If I understand how this works correctly, a TPL Task is not guaranteed to resume on the same thread as it started. If it does, in this case it would try to release a lock it doesn't own while the other thread holds the lock forever, resulting in a deadlock. I remember a while ago Eric Lippert writing that it's the reason why await is not allowed in a lock block. Going back to my example, I'm not even sure how to go about solving this issue.
These are the few issues that crossed my mind, although there may be (probably are) more. How should I go about solving them?
Also, this made me think, is using the classical approach of synchronizing via Monitor, Mutex or Semaphore even the right way to do TPL code? Perhaps I'm missing something that I should be using instead?
Your question pushes the limits of broadness for Stack Overflow. Moving from plain Thread implementations to something based on Task and other TPL features involves a wide variety of considerations. Taken individually, each concern has almost certainly been addressed in a prior Stack Overflow Q&A, and taken in aggregate there are too many considerations to address competently and comprehensively in a single Stack Overflow Q&A.
So, with that said, let's look just at the specific issues you've asked about here.
TPL Task is an abstraction, which does not even guarantee that the code will run on a separate thread. In my example, if the producer control method runs synchronously, the infinite loop will cause the consumer to never even start. According to MSDN, providing a TaskCreationOptions.LongRunning parameter when running the task should hint the TaskScheduler to run the method appropriately, however I didn't find any way to ensure that it does. Supposedly TPL is smart enough to run tasks the way the programmer intended, but that just seems like a bit of magic to me. And I don't like magic in programming.
It is true that the Task object itself does not guarantee asynchronous behavior. For example, an async method which returns a Task object could contain no asynchronous operations at all, and could run for an extended period of time before returning an already-completed Task object.
On the other hand, Task.Run() is guaranteed to operate asynchronously. It is documented as such:
Queues the specified work to run on the ThreadPool and returns a task or Task<TResult> handle for that work
While the Task object itself abstracts the idea of a "future" or "promise" (to use synonymous terms found in programming), the specific implementation is very much tied to the thread pool. When used correctly, you can be assured of asynchronous operation.
If I understand how this works correctly, a TPL Task is not guaranteed to resume on the same thread as it started. If it does, in this case it would try to release a lock it doesn't own while the other thread holds the lock forever, resulting in a deadlock. I remember a while ago Eric Lippert writing that it's the reason why await is not allowed in a lock block. Going back to my example, I'm not even sure how to go about solving this issue.

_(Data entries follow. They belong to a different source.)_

Lemma harmonic_exp_ge n : INR n + 1 <= exp (partial_sum (fun k => 1 / INR (k + 1)) n).
Proof.
  induction n as [|n IH]; cbn [partial_sum].
  - rewrite exp_0. simpl. lra.
  - rewrite exp_plus, S_INR.
    replace (INR (n + 1)) with (INR n + 1) by (rewrite plus_INR; reflexivity).
    pose proof (pos_INR n). pose proof (exp_ineq1_le (1 / (INR n + 1))).
    apply Rle_trans with ((INR n + 1) * (1 + 1 / (INR n + 1))); [right; field; lra|].
    apply Rmult_le_compat; auto; try lra.
    assert (0 < 1 / (INR n + 1)) by (apply Rdiv_lt_0_compat; lra). lra.
Qed.

Lemma odd_harmonic_ge n :
  1 / 2 * partial_sum (fun k => 1 / INR (k + 1)) n <= partial_sum (fun k => 1 / INR (2 * k + 1)) n.
Proof.
  induction n as [|n IH]; cbn [partial_sum]; [lra|].
  assert (Hn : 1 <= INR (n + 1)) by (apply (le_INR 1); lia).
  assert (1 / 2 * (1 / INR (n + 1)) <= 1 / INR (2 * n + 1)); [|lra].
  replace (INR (2 * n + 1)) with (2 * INR (n + 1) - 1) by (rewrite !plus_INR, mult_INR; simpl; ring).
  apply Rmult_le_reg_r with (2 * INR (n + 1) * (2 * INR (n + 1) - 1)); [nra|].
  field_simplify; lra.
Qed.

(* The factors [1 - b / (2 k + 1)] multiply to [0] because the odd harmonic series diverges. *)
Lemma decay_small b eps : 0 < b <= 1 -> 0 < eps -> exists N, decay b N < eps.
Proof.
  intros Hb He.
  set (K := 2 / b * - ln eps).
  pose proof is_lim_seq_INR as Hlim. apply is_lim_seq_spec in Hlim.
  destruct (Hlim (exp K)) as [N HN]. exists N. specialize (HN N (Nat.le_refl N)).
  set (h := partial_sum (fun k => 1 / INR (k + 1)) N).
  assert (Hh : K < h).
  { apply exp_lt_inv. pose proof (harmonic_exp_ge N). fold h in H. lra. }
  eapply Rle_lt_trans; [apply decay_le_exp; lra|].
  rewrite <- (exp_ln eps He). apply exp_increasing.
  pose proof (odd_harmonic_ge N). fold h in H.
  replace (ln eps) with (- (b / 2) * K) by (unfold K; field; lra). nra.
Qed.

Section Equilibrium.

Variables s g u y : R.
Hypotheses (hs : 0 < s) (hg : 0 <= g) (hu : 0 <= u) (hy : 0 <= y <= 1) (hd : drift s g u y = 0).

Lemma Epath_S_hanc n (Phi : list R -> R) :
  Epath s g u (S n) (fun rs T => Phi rs * hanc T y)
  = Epath s g u n (fun rs T =>
      Phi (rs ++ [totrate s g u T]) * (1 - kill_rate s g y / totrate s g u T) * hanc T y).
Proof.
  rewrite Epath_S by auto. apply Epath_ext_in; auto. intros w rs T Hin.
  rewrite (rate_sum_ext _ _ _ _ (fun T' => 0 + Phi (rs ++ [totrate s g u T]) * hanc T' y))
    by (intros; ring).
  rewrite rate_sum_affine, hanc_harmonic by exact hd.
  pose proof (paths_totrate_pos s g u hs hg hu n w rs T Hin). field. lra.
Qed.

Lemma gterm_nonneg r n : 0 <= r -> 0 <= gterm s g u r y n.
Proof.
  intros Hr. rewrite gterm_Epath, <- (Epath_const s g u hs hg hu n 0).
  apply Epath_le; auto. intros w rs T Hin.
  pose proof (hypoCDF_app_le rs (totrate s g u T) r (paths_rates_pos s g u hs hg hu n w rs T Hin)
                (paths_totrate_pos s g u hs hg hu n w rs T Hin) Hr).
  pose proof (hanc_bounds T y hy). nra.
Qed.

Lemma gterm_le_Pjump r n : 0 <= r -> gterm s g u r y n <= Pjump s g u r n - Pjump s g u r (S n).
Proof.
  intros Hr. rewrite gterm_Epath. unfold Pjump. rewrite Epath_S_rates by auto.
  rewrite <- Epath_minus. apply Epath_le; auto. intros w rs T Hin.
  pose proof (hypoCDF_app_le rs (totrate s g u T) r (paths_rates_pos s g u hs hg hu n w rs T Hin)
                (paths_totrate_pos s g u hs hg hu n w rs T Hin) Hr).
  pose proof (hanc_bounds T y hy). nra.
Qed.

Lemma partial_sum_gterm_le_Pjump r M : 0 <= r -> partial_sum (gterm s g u r y) M <= 1 - Pjump s g u r M.
Proof.
  intros Hr. induction M as [|M IH]; cbn [partial_sum].
  - unfold Pjump. rewrite Epath_O. simpl. lra.
  - pose proof (gterm_le_Pjump r M Hr). lra.
Qed.

Definition hanc_by (r : R) (n : nat) : R := Epath s g u n (fun rs T => hypoCDF rs r * hanc T y).

Definition hanc_at (n : nat) : R := Epath s g u n (fun _ T => hanc T y).

Lemma gterm_add_hanc_by_le r n : 0 <= r -> gterm s g u r y n + hanc_by r (S n) <= hanc_by r n.
Proof.
  intros Hr. unfold hanc_by. rewrite gterm_Epath, Epath_S_hanc.
  rewrite <- Epath_plus. apply Epath_le; auto. intros w rs T Hin.
  pose proof (paths_totrate_pos s g u hs hg hu n w rs T Hin).
  pose proof (hypoCDF_bounds _ r (paths_next_rates_pos s g u hs hg hu n w rs T Hin) Hr).
  pose proof (hanc_bounds T y hy). pose proof (kill_rate_bounds s g y ltac:(lra) hg hy).
  assert (0 <= kill_rate s g y / totrate s g u T) by (apply Rdiv_le_0_compat; lra).
  assert (0 <= hypoCDF (rs ++ [totrate s g u T]) r * (kill_rate s g y / totrate s g u T) * hanc T y)
    by (apply Rmult_le_pos; [apply Rmult_le_pos|]; lra).
  nra.
Qed.

Lemma partial_sum_gterm_tail r N k : 0 <= r ->
  partial_sum (gterm s g u r y) (N + k) - partial_sum (gterm s g u r y) N + hanc_by r (N + k)
  <= hanc_by r N.
Proof.
  intros Hr. induction k as [|k IH]; [rewrite Nat.add_0_r; lra|].
  rewrite Nat.add_succ_r. cbn [partial_sum].
  pose proof (gterm_add_hanc_by_le r (N + k) Hr). lra.
Qed.

Lemma hanc_by_bounds r n : 0 <= r -> 0 <= hanc_by r n <= hanc_at n.
Proof.
  intros Hr. unfold hanc_by, hanc_at. rewrite <- (Epath_const s g u hs hg hu n 0).
  split; apply Epath_le; auto; intros w rs T Hin;
    pose proof (hypoCDF_bounds rs r (paths_rates_pos s g u hs hg hu n w rs T Hin) Hr);
    pose proof (hanc_bounds T y hy); nra.
Qed.

Lemma hanc_at_le n : hanc_at n <= y * decay (kill_rate s g y / (s + g + u)) n.
Proof.
  pose proof (kill_rate_bounds s g y ltac:(lra) hg hy) as Hk.
  set (b := kill_rate s g y / (s + g + u)).
  assert (Hb : 0 <= b <= 1).
  { unfold b. split; [apply Rdiv_le_0_compat; lra|].
    apply Rmult_le_reg_r with (s + g + u); [lra|]. field_simplify; lra. }
  induction n as [|n IH].
  - unfold hanc_at. rewrite Epath_O, hanc_Leaf. simpl. lra.
  - cbn [decay]. pose proof (decay_factor_bounds b n Hb).
    apply Rle_trans with ((1 - b / INR (2 * n + 1)) * hanc_at n); [|nra].
    unfold hanc_at.
    rewrite (Epath_ext_in s g u (S n) _ (fun _ T => 1 * hanc T y)) by (intros; ring).
    rewrite Epath_S_hanc, <- Epath_scal. apply Epath_le; auto. intros w rs T Hin.
    destruct (paths_inv s g u hs hg hu n w rs T Hin) as (_ & _ & _ & Hn & _).
    pose proof (hanc_bounds T y hy).
    assert (b / INR (2 * n + 1) <= kill_rate s g y / totrate s g u T).
    { unfold b, totrate, Rdiv. rewrite Rmult_assoc, <- Rinv_mult. apply Rmult_le_compat_l; [lra|].
      assert (1 <= INR (nleaves T) <= INR (2 * n + 1)) by (split; [apply (le_INR 1) | apply le_INR]; lia).
      apply Rinv_le_contravar; nra. }
    nra.
Qed.

(* The jumps before the [N]-th contribute at most [1 - Pjump N], the later ones at most the
   expected ancestral probability after [N] jumps. *)
Lemma gr_le r N : 0 <= r ->
  0 <= gr s g u r y
  <= 3 ^ N * exp (- ((s + g + u) / 2 * r)) + y * decay (kill_rate s g y / (s + g + u)) N.
Proof.
  intros Hr. unfold gr. apply Series_le_of_partial_sum; [intros; apply gterm_nonneg, Hr|].
  intros M.
  pose proof (Pjump_tail s g u r hs hg hu Hr N). pose proof (hanc_at_le N).
  pose proof (hanc_by_bounds r N Hr). pose proof (partial_sum_gterm_le_Pjump r N Hr).
  destruct (Nat.le_ge_cases M N) as [HMN|HMN].
  - pose proof (partial_sum_le_mono _ M N (fun k => gterm_nonneg r k Hr) HMN). lra.
  - destruct (Nat.le_exists_sub N M HMN) as [k [-> _]]. rewrite Nat.add_comm.
    pose proof (partial_sum_gterm_tail r N k Hr). pose proof (hanc_by_bounds r (N + k) Hr). lra.
Qed.

End Equilibrium.

Lemma exp_decay_small a A eps : 0 < a -> 0 < A -> 0 < eps ->
  exists R0, forall r, R0 < r -> A * exp (- (a * r)) < eps.
Proof.
  intros Ha HA He. exists (- ln (eps / A) / a). intros r Hr.
  assert (Hq : 0 < eps / A) by (apply Rdiv_lt_0_compat; lra).
  assert (exp (- (a * r)) < eps / A).
  { rewrite <- (exp_ln (eps / A) Hq). apply exp_increasing.
    apply Rmult_lt_compat_l with (r := a) in Hr; [|lra].
    replace (a * (- ln (eps / A) / a)) with (- ln (eps / A)) in Hr by (field; lra). lra. }
  apply Rmult_lt_compat_l with (r := A) in H; [|lra].
  replace (A * (eps / A)) with eps in H by (field; lra). exact H.
Qed.

Lemma gr_equilibrium_lim s g u y : 0 < s -> 0 <= g -> 0 <= u -> 0 <= y < 1 -> drift s g u y = 0 ->
  is_lim (fun r => gr s g u r y) p_infty 0.
Proof.
  intros Hs Hg Hu Hy Hd. apply is_lim_spec. intros eps. simpl.
  pose proof (cond_pos eps) as He.
  set (b := kill_rate s g y / (s + g + u)).
  assert (Hb : 0 < b <= 1).
  { pose proof (kill_rate_bounds s g y ltac:(lra) Hg ltac:(lra)) as Hk.
    assert (0 < kill_rate s g y) by (unfold kill_rate; apply Rmult_lt_0_compat; nra).
    unfold b. split; [apply Rdiv_lt_0_compat; lra|].
    apply Rmult_le_reg_r with (s + g + u); [lra|]. field_simplify; lra. }
  destruct (decay_small b (eps / 2) Hb ltac:(lra)) as [N HN].
  destruct (exp_decay_small ((s + g + u) / 2) (3 ^ N) (eps / 2)) as [R0 HR0];
    [lra | apply pow_lt; lra | lra |].
  exists (Rmax 0 R0). intros r Hr.
  pose proof (Rmax_l 0 R0). pose proof (Rmax_r 0 R0).
  destruct (gr_le s g u y Hs Hg Hu ltac:(lra) Hd r N ltac:(lra)) as [Hgr0 Hgr1].
  pose proof (HR0 r ltac:(lra)). pose proof (decay_nonneg b N ltac:(lra)).
  fold b in Hgr1. rewrite Rminus_0_r, Rabs_pos_eq by exact Hgr0. nra.
Qed.

Lemma continuous_Rmax_0 x : continuous (Rmax 0) x.
Proof.
  apply (continuous_ext (fun t => / 2 * (t + Rabs t))).
  - intros t. simpl. unfold Rmax. destruct (Rle_dec 0 t).
    + rewrite Rabs_pos_eq by lra. field.
    + rewrite Rabs_left by lra. field.
  - apply (continuous_scal_r (K := R_AbsRing) (V := R_NormedModule)).
    apply (continuous_plus (fun t => t) Rabs); [apply continuous_id | apply continuous_Rabs].
Qed.

Lemma continuous_of_is_derive_on (z : R -> R) (dz : R -> R) t :
  (forall t, 0 <= t -> is_derive z t (dz t)) -> 0 <= t -> continuous z t.
Proof. intros Hz Ht. apply continuous_of_ex_derive. eexists. apply Hz, Ht. Qed.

Only some synchronization objects are thread-specific. For example, Monitor is. But Semaphore is not. Whether this is useful to you or not depends on what you are trying to implement. For example, you can implement the producer/consumer pattern with a long running thread that uses BlockingCollection<T>, without needing to call any explicit synchronization objects at all. If you did want to use TPL techniques, you could use SemaphoreSlim and its WaitAsync() method.
Of course, you could also use the Dataflow API. For some scenarios this would be preferable. For very simple producer/consumer, it would probably be overkill. :)
Also, this made me think, is using the classical approach of synchronizing via Monitor, Mutex or Semaphore even the right way to do TPL code? Perhaps I'm missing something that I should be using instead?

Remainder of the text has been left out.